In the Universal Baseball Association, games require a witness. The continuity of record keeping requires the fiction of someone who guarantees continuity. The league persists only at the cost Henry has been paying from the start: life displaced by its administration. For The Universal Baseball Association, Inc., J. Henry Waugh, Prop., the reader is the witness, called up to Coover’s minor majors (or is that vice versa?). It’s a workout for the imagination, I suppose —  rules, events, records, history, myth. 

And it’s more fun than I think I’ve expressed here — I’ve quoted Coover’s prose at length, maybe too much, but I don’t think I’ve fully conveyed how rich and hardy the text is, how warm and comforting the world that he conjures is, populated by singers and slingers and general bonhomie. It’s Famous Times All the Time, except when it’s melancholy, sad, or just plain bonkers. The Universal Baseball Association is part of the great American postmodern canon. Come and play.

Blog about some recent reading (Jan. and Feb. 2026)

Joy Williams’ collection The Pelican Child was the first book I read this year. I picked up a copy back in December and surprised myself by reading most of it over a few days. It’s a much heavier collection than the wry vignettes of 2013’s Ninety-Nine Stories of God or its sequel, Concerning the Future of Souls (2024). The stories here alight on mortality, human ecological cultural aesthetic, etc. Opener “Flour” strikes me as a postmodern riff on Emily Dickinson’s “Because I Could Not Stop for Death” and the fable (literally fabulous?) closer “Baba Yaga and The Pelican Child” made me tear up a little and then hate myself a little. A book about death where young people, tattooed with the lines of long-dead poets, are the clean-up crew working the night shift sweeping up the detritus of the 21st century. (It was “Argos,” about Odysseus’s good and loyal boy, that really killed me if I’m honest.)
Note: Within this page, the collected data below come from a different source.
(* Let $Q_t(x)=1+t(e^x-1)$. For every integer $k\geq1$, the coefficient of $x^{k-1}$ in the formal power series $Q_t'(x)/Q_t(x)$ (equivalently $\frac{1}{2\pi\sqrt{-1}}\oint\frac{Q_t'(x)}{x^kQ_t(x)}dx$) equals $$t\sum_{i=0}^{k-1}\frac{S(k,k-i)}{\binom{k-1}{i}\cdot i!}(-t)^{k-1-i}.$$
   Context: $S(n,m)$ is the Stirling number of the second kind (number of partitions of $\{1,\ldots,n\}$ into exactly $m$ nonempty blocks), with $S(n,m)=0$ for $m>n$, $S(n,0)=0$ for $n>0$, $S(0,0)=1$. *)

From HB Require Import structures.
From mathcomp Require Import all_boot all_order all_algebra.
Set Implicit Arguments. Unset Strict Implicit. Unset Printing Implicit Defensive.
Import Order.TTheory GRing.Theory Num.Theory.
Local Open Scope ring_scope.

(* Stirling numbers of the second kind, combinatorially: the number of
   partitions of {0,..,n-1} into exactly m nonempty blocks.
   (mathcomp's [partition P D] requires set0 \notin P.) *)
Definition stirling2 (n m : nat) : nat :=
  #|[set P : {set {set 'I_n}} | partition P [set: 'I_n] && (#|P| == m)]|.

Definition fps (R : nzRingType) := nat -> R.

Definition fps_one (R : nzRingType) : fps R := fun n => (n == 0%N)%:R.
Definition fps_add (R : nzRingType) (f g : fps R) : fps R := fun n => f n + g n.
Definition fps_opp (R : nzRingType) (f : fps R) : fps R := fun n => - f n.
Definition fps_scale (R : nzRingType) (c : R) (f : fps R) : fps R :=
  fun n => c * f n.
Definition fps_mul (R : nzRingType) (f g : fps R) : fps R :=
  fun n => \sum_(j < n.+1) f j * g (n - j)%N.
Definition fps_deriv (R : nzRingType) (f : fps R) : fps R :=
  fun n => n.+1%:R * f n.+1.
Definition fps_exp (R : unitRingType) : fps R := fun n => (n`!%:R)^-1.

Definition Qt (R : unitRingType) (t : R) : fps R :=
  fps_add (fps_one R) (fps_scale t (fps_add (fps_exp R) (fps_opp (fps_one R)))).

(* h is the formal quotient f / g, i.e. g * h = f coefficientwise.
   When g 0 is invertible (as for Q_t, whose constant term is 1) such h
   exists and is unique. *)
Definition fps_quotient (R : nzRingType) (f g h : fps R) : Prop :=
  forall n, fps_mul g h n = f n.

From HB Require Import structures.
From mathcomp Require Import all_boot all_order all_algebra.
From mathcomp Require Import ring.
Set Implicit Arguments. Unset Strict Implicit. Unset Printing Implicit Defensive.
Import GRing.Theory Num.Theory.

(* Let a n = n`! * h n.  Comparing coefficients in Q_t * h = Q_t' gives
   a n + t * \sum_(i < n) 'C(n, i) * a i = t, a recursion that determines a.
   The polynomials P_0 = X, P_(n+1) = (X - X^2) * P_n' satisfy the same
   identity with t replaced by X (differentiate it and use Pascal's rule), so
   a n = P_n(t).  The coefficients of X^(j+1) in P_(n+1) and P_n are related
   by c' = (j+1) c_(j+1) - j c_j, which after scaling by (-1)^j j! is the
   recursion S(n+1, m+1) = (m+1) S(n, m+1) + S(n, m) obtained by removing the
   last point from a set partition.  Hence that coefficient of P_n is
   (-1)^j j! S(n+1, j+1), and reindexing gives the sum. *)

Lemma setD1_notin (T : finType) (A : {set T}) a : a \notin A -> A :\ a = A.
Proof. by move=> aA; apply/setDidPl; rewrite disjoint_sym disjoints1. Qed.

Lemma card_pointed_sets (T : finType) (S : {set {set T}}) k :
    {in S, forall Q : {set T}, #|Q| = k} ->
  #|[set QB : {set T} * T | (QB.1 \in S) && (QB.2 \in QB.1)]| = k * #|S|.
Proof.
move=> cardS; rewrite -sum1_card.
rewrite (eq_bigl (fun QB => (QB.1 \in S) && (QB.2 \in QB.1))) => [|QB]; last by rewrite inE.
rewrite -(pair_big_dep (mem S) (fun Q B => B \in Q) (fun _ _ => 1%N)) /=.
by rewrite mulnC -sum_nat_const; apply: eq_bigr => Q /cardS <-; rewrite sum1_card.
Qed.

Definition set_partitions n m :=
  [set P : {set {set 'I_n}} | partition P [set: 'I_n] && (#|P| == m)].

Section LastPoint.
Variable n : nat.
Local Notation x0 := (@ord_max n).

Definition lift_set (B : {set 'I_n}) : {set 'I_n.+1} := lift x0 @: B.
Definition unlift_set (A : {set 'I_n.+1}) : {set 'I_n} := lift x0 @^-1: A.

Lemma mem_lift_set B i : (lift x0 i \in lift_set B) = (i \in B).
Proof. exact/mem_imset/lift_inj. Qed.

Lemma last_notin_lift_set B : x0 \notin lift_set B.
Proof. by apply/imsetP => -[i _ /eqP]; rewrite (negbTE (neq_lift _ _)). Qed.

Lemma lift_setK : cancel lift_set unlift_set.
Proof. by move=> B; apply/setP => i; rewrite inE mem_lift_set. Qed.

Lemma unlift_setK A : lift_set (unlift_set A) = A :\ x0.
Proof.
apply/setP => y; rewrite in_setD1; case: (unliftP x0 y) => [i ->|->].
  by rewrite mem_lift_set inE eq_sym (negbTE (neq_lift _ _)).
by rewrite eqxx (negbTE (last_notin_lift_set _)).
Qed.

Lemma unlift_set_eq0 A : A != set0 -> unlift_set A = set0 -> x0 \in A.
Proof.
case/set0Pn => y yA /setP A0; case: (unliftP x0 y) yA => [i -> iA|-> //].
by have := A0 i; rewrite !inE iA.
Qed.

Lemma unlift_setU1 A : unlift_set (x0 |: A) = unlift_set A.
Proof. by apply/setP => i; rewrite !inE eq_sym (negbTE (neq_lift _ _)). Qed.

Definition insert_last (QB : {set {set 'I_n}} * {set 'I_n}) : {set {set 'I_n.+1}} :=
  (x0 |: lift_set QB.2) |: lift_set @: (QB.1 :\ QB.2).

Definition remove_last (P : {set {set 'I_n.+1}}) :=
  (unlift_set @: P :\ set0, unlift_set (pblock P x0)).

(* B is a marked block of Q, or set0 when no block is marked; m counts the
   unmarked blocks.  The last point of 'I_n.+1 is inserted into B, or into a
   new singleton block when B = set0. *)
Definition marked_partitions m :=
  [set QB : {set {set 'I_n}} * {set 'I_n} | [&& partition QB.1 [set: 'I_n],
     (QB.2 == set0) || (QB.2 \in QB.1) & #|QB.1 :\ QB.2| == m]].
There are still a few stories at the back of Robert Bingham’s 1997 collection Pure Slaughter Value. I will tuck them away for another time. I loved these stories and then I found myself angry at his spoiled clever preppy narrators. “The Other Family” is one of the better stories I’ve read in a long time.


I reread Robert Coover’s second novel, The Universal Baseball Association, Inc., J. Henry Waugh, Prop. (1968), back in January and made some notes for a review. This is not that review. I am not a Coover expert but I think this is as good an introduction to his novels as anything. (No it’s not; get Pricksongs & Descants.)


Speaking of Universal—I had an early misfire with Thomas Kendall’s 2023 novel How I Killed the Universal Man, but then started it again the other night with a perhaps clearer idea of what the author was trying to do. I think I was thinking something more straightforward, more cyberpunknoir, something less, I dunno, formally meta or post. More thoughts to come.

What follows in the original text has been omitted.